The records below hold a stretch from the line with "Lemma ordS_neq_pred n" through the line with "rewrite -(pair_big_dep xpredT"; return exactly those lines, ends included, and nothing more.

## Stored items
══════

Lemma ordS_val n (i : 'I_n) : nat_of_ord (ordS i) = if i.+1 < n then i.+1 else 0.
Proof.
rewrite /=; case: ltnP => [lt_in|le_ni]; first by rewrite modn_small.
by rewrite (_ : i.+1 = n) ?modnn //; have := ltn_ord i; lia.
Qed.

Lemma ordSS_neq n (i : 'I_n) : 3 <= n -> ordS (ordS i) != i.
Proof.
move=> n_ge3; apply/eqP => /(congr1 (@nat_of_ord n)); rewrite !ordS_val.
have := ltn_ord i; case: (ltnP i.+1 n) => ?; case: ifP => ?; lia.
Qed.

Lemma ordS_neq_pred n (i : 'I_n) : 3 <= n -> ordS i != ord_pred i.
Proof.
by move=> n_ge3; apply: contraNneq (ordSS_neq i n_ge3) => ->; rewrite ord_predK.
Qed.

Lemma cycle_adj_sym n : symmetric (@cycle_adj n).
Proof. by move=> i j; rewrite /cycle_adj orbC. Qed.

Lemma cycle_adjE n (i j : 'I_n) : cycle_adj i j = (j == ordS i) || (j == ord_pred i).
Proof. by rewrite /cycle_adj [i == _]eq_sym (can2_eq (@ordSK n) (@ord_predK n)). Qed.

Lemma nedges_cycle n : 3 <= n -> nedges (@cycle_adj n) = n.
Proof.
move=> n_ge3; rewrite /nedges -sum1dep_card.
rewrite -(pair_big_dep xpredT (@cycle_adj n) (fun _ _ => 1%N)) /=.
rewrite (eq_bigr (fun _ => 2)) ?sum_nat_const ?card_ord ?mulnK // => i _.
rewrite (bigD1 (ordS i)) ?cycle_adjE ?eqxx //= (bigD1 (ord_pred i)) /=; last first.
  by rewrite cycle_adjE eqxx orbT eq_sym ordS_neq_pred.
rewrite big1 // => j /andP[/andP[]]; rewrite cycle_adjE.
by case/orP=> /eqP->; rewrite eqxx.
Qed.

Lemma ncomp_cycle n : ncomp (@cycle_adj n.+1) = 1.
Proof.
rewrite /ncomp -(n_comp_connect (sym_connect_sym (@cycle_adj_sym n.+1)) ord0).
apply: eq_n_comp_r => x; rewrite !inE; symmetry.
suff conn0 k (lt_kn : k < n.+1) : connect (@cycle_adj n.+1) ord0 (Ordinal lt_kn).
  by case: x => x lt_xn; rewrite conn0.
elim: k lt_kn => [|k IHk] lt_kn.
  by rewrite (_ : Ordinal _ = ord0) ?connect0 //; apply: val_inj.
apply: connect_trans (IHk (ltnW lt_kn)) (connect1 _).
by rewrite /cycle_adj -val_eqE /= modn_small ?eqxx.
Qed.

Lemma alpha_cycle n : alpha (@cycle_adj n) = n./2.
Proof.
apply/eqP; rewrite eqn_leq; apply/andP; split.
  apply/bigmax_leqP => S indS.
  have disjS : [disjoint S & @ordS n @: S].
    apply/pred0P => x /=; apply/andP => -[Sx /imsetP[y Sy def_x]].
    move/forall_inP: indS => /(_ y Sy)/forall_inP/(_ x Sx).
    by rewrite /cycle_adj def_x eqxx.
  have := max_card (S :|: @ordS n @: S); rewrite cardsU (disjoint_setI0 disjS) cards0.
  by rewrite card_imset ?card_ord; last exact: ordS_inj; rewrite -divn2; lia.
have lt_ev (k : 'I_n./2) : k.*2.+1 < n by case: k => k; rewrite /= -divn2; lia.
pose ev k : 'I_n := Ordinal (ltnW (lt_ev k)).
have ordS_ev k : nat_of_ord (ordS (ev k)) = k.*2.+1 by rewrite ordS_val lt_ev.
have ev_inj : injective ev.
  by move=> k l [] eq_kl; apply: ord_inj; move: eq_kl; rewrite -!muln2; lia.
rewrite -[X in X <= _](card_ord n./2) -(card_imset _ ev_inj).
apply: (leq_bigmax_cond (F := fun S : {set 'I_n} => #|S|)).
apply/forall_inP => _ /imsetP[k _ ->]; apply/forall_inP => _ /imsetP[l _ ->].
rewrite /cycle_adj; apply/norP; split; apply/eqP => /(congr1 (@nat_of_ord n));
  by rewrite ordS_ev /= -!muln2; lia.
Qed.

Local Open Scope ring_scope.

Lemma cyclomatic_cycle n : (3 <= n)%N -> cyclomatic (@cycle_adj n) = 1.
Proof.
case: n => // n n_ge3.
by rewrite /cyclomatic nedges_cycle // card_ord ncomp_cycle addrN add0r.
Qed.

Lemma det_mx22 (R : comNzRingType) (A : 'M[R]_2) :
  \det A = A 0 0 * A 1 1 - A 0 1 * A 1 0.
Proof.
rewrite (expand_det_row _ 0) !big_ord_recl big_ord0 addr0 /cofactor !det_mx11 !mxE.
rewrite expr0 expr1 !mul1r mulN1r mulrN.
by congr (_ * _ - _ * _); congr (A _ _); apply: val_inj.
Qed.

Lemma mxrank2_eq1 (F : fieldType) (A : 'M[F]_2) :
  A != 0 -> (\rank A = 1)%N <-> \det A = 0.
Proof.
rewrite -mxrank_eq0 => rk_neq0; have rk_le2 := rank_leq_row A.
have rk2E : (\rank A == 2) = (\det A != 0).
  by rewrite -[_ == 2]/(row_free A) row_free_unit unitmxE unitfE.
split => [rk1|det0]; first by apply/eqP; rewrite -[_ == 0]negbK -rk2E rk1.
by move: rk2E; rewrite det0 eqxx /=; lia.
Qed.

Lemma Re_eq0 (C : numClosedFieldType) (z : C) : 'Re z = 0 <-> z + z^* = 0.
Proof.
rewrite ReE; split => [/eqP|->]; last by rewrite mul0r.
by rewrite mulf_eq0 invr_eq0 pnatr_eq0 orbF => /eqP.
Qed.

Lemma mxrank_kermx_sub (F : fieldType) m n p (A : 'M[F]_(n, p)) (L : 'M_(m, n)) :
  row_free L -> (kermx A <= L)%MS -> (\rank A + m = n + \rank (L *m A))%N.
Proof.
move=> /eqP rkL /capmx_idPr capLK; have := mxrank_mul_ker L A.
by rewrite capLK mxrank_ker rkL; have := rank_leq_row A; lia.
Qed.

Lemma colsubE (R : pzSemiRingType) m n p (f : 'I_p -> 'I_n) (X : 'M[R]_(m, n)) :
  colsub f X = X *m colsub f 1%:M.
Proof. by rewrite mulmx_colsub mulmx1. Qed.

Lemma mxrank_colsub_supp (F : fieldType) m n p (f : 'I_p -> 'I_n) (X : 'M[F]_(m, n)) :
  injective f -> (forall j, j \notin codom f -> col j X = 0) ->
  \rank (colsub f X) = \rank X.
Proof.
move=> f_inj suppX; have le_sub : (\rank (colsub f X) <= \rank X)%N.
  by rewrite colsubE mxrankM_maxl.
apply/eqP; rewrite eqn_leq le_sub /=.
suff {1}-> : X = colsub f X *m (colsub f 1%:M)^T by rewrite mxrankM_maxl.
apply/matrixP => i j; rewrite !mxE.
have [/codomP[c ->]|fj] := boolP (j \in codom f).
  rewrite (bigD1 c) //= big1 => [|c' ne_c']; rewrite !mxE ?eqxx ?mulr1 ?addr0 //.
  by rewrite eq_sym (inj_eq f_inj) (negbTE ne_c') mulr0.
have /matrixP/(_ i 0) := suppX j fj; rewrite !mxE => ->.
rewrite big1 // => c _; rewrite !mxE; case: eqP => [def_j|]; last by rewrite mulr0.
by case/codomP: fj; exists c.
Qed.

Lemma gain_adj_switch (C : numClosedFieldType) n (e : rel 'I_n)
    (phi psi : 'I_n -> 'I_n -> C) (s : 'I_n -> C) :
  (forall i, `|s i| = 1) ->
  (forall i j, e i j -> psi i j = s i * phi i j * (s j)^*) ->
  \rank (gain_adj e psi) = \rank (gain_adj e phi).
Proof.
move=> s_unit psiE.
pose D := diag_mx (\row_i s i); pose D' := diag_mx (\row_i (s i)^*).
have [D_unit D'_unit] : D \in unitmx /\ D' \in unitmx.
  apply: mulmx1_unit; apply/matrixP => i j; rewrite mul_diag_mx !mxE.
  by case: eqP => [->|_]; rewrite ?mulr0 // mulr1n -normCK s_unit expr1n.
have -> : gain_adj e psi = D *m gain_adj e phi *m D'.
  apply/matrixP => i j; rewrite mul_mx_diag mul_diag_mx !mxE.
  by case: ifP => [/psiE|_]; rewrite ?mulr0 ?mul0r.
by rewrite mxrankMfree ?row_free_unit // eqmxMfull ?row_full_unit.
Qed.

══════

## RESPONSE TO THE TASK
Lemma ordS_neq_pred n (i : 'I_n) : 3 <= n -> ordS i != ord_pred i.
Proof.
by move=> n_ge3; apply: contraNneq (ordSS_neq i n_ge3) => ->; rewrite ord_predK.
Qed.

Lemma cycle_adj_sym n : symmetric (@cycle_adj n).
Proof. by move=> i j; rewrite /cycle_adj orbC. Qed.

Lemma cycle_adjE n (i j : 'I_n) : cycle_adj i j = (j == ordS i) || (j == ord_pred i).
Proof. by rewrite /cycle_adj [i == _]eq_sym (can2_eq (@ordSK n) (@ord_predK n)). Qed.

Lemma nedges_cycle n : 3 <= n -> nedges (@cycle_adj n) = n.
Proof.
move=> n_ge3; rewrite /nedges -sum1dep_card.
rewrite -(pair_big_dep xpredT (@cycle_adj n) (fun _ _ => 1%N)) /=.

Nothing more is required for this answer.